YOUR GOAL:
Search the records for the word "replace" and copy each line in which it appears.

EXERCISE INPUTS:
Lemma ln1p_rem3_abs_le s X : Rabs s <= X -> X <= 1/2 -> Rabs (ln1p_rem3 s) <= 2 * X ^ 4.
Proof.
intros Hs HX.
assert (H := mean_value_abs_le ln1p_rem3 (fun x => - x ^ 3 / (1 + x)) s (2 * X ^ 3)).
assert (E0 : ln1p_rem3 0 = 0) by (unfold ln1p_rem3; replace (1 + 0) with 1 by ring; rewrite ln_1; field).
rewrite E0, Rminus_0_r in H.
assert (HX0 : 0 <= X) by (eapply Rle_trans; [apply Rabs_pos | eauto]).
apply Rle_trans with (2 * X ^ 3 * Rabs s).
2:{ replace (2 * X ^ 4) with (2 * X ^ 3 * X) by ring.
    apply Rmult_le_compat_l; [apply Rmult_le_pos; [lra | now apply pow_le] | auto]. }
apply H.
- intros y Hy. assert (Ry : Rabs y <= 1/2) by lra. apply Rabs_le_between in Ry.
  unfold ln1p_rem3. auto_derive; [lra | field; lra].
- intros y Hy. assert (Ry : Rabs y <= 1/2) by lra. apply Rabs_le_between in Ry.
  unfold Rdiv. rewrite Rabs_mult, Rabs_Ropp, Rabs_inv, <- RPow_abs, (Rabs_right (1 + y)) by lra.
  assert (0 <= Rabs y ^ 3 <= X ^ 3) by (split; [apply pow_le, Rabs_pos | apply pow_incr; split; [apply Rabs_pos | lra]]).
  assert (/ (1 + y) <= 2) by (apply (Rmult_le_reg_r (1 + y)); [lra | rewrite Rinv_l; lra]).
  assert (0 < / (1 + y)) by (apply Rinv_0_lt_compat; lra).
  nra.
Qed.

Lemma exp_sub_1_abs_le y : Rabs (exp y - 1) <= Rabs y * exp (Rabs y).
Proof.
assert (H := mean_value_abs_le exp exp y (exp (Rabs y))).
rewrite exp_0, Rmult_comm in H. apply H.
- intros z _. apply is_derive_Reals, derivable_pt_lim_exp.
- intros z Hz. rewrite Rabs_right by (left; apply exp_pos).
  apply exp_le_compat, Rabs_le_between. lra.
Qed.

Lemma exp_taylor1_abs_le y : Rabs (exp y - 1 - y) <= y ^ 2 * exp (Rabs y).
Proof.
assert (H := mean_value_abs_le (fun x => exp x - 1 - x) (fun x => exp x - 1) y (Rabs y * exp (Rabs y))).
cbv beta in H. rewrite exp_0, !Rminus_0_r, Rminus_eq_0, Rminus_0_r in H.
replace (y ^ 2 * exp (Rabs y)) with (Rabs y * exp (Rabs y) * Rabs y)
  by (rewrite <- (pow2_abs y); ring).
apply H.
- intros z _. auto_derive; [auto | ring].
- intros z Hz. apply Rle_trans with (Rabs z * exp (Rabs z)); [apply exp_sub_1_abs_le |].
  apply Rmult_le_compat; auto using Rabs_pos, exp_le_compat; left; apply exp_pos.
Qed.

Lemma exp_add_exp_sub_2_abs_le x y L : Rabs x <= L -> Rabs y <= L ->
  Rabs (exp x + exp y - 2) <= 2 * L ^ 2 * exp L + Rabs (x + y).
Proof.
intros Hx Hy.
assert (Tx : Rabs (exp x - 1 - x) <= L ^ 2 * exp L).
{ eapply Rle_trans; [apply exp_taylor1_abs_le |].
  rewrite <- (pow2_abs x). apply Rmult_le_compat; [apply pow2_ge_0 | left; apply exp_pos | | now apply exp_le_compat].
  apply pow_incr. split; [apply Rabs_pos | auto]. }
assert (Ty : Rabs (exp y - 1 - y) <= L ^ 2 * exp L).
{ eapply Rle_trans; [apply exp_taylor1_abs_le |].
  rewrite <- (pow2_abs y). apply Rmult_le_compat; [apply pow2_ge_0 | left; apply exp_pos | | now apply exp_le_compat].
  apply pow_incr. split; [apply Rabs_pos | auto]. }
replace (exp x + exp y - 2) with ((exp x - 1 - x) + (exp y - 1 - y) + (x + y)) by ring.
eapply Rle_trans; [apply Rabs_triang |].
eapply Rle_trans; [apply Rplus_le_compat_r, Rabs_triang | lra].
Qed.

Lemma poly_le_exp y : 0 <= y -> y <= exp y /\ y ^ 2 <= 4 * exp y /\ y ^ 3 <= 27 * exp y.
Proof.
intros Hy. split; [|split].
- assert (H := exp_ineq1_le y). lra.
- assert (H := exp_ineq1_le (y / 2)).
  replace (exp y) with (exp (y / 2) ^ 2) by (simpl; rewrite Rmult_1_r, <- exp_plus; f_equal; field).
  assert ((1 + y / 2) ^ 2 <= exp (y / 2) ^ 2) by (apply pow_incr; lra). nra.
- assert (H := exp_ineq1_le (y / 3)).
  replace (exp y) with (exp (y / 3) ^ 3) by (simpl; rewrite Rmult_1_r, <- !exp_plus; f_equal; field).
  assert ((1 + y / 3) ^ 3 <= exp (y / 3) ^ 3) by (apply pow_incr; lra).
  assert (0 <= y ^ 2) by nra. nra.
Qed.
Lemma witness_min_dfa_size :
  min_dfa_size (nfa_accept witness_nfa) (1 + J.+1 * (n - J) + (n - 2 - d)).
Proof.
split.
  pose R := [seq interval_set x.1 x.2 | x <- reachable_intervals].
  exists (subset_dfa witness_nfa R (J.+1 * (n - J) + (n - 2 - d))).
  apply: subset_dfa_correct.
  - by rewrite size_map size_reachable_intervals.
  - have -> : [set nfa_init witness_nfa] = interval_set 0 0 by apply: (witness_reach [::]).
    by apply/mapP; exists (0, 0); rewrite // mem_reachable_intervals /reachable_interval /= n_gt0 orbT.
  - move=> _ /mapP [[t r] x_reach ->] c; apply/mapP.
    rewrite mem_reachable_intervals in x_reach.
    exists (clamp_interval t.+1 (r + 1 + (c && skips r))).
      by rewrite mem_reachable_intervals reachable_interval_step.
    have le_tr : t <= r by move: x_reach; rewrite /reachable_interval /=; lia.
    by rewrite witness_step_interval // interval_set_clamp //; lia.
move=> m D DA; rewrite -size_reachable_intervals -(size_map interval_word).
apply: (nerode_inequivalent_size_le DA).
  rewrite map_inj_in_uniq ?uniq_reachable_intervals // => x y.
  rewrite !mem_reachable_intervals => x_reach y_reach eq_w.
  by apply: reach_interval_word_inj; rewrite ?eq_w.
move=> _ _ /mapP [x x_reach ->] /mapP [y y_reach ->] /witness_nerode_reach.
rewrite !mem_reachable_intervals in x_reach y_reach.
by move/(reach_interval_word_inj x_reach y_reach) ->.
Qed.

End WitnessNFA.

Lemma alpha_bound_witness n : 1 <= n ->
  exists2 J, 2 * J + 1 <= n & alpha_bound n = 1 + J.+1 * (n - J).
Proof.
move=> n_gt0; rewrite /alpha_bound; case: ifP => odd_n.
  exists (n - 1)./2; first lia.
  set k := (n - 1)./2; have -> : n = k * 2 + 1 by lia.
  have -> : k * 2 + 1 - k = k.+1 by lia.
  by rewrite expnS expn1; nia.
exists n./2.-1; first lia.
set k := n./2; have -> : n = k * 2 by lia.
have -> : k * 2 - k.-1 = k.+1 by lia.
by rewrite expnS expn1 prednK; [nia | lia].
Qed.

SOLUTION:
assert (E0 : ln1p_rem3 0 = 0) by (unfold ln1p_rem3; replace (1 + 0) with 1 by ring; rewrite ln_1; field).
2:{ replace (2 * X ^ 4) with (2 * X ^ 3 * X) by ring.
replace (y ^ 2 * exp (Rabs y)) with (Rabs y * exp (Rabs y) * Rabs y)
replace (exp x + exp y - 2) with ((exp x - 1 - x) + (exp y - 1 - y) + (x + y)) by ring.
  replace (exp y) with (exp (y / 2) ^ 2) by (simpl; rewrite Rmult_1_r, <- exp_plus; f_equal; field).
  replace (exp y) with (exp (y / 3) ^ 3) by (simpl; rewrite Rmult_1_r, <- !exp_plus; f_equal; field).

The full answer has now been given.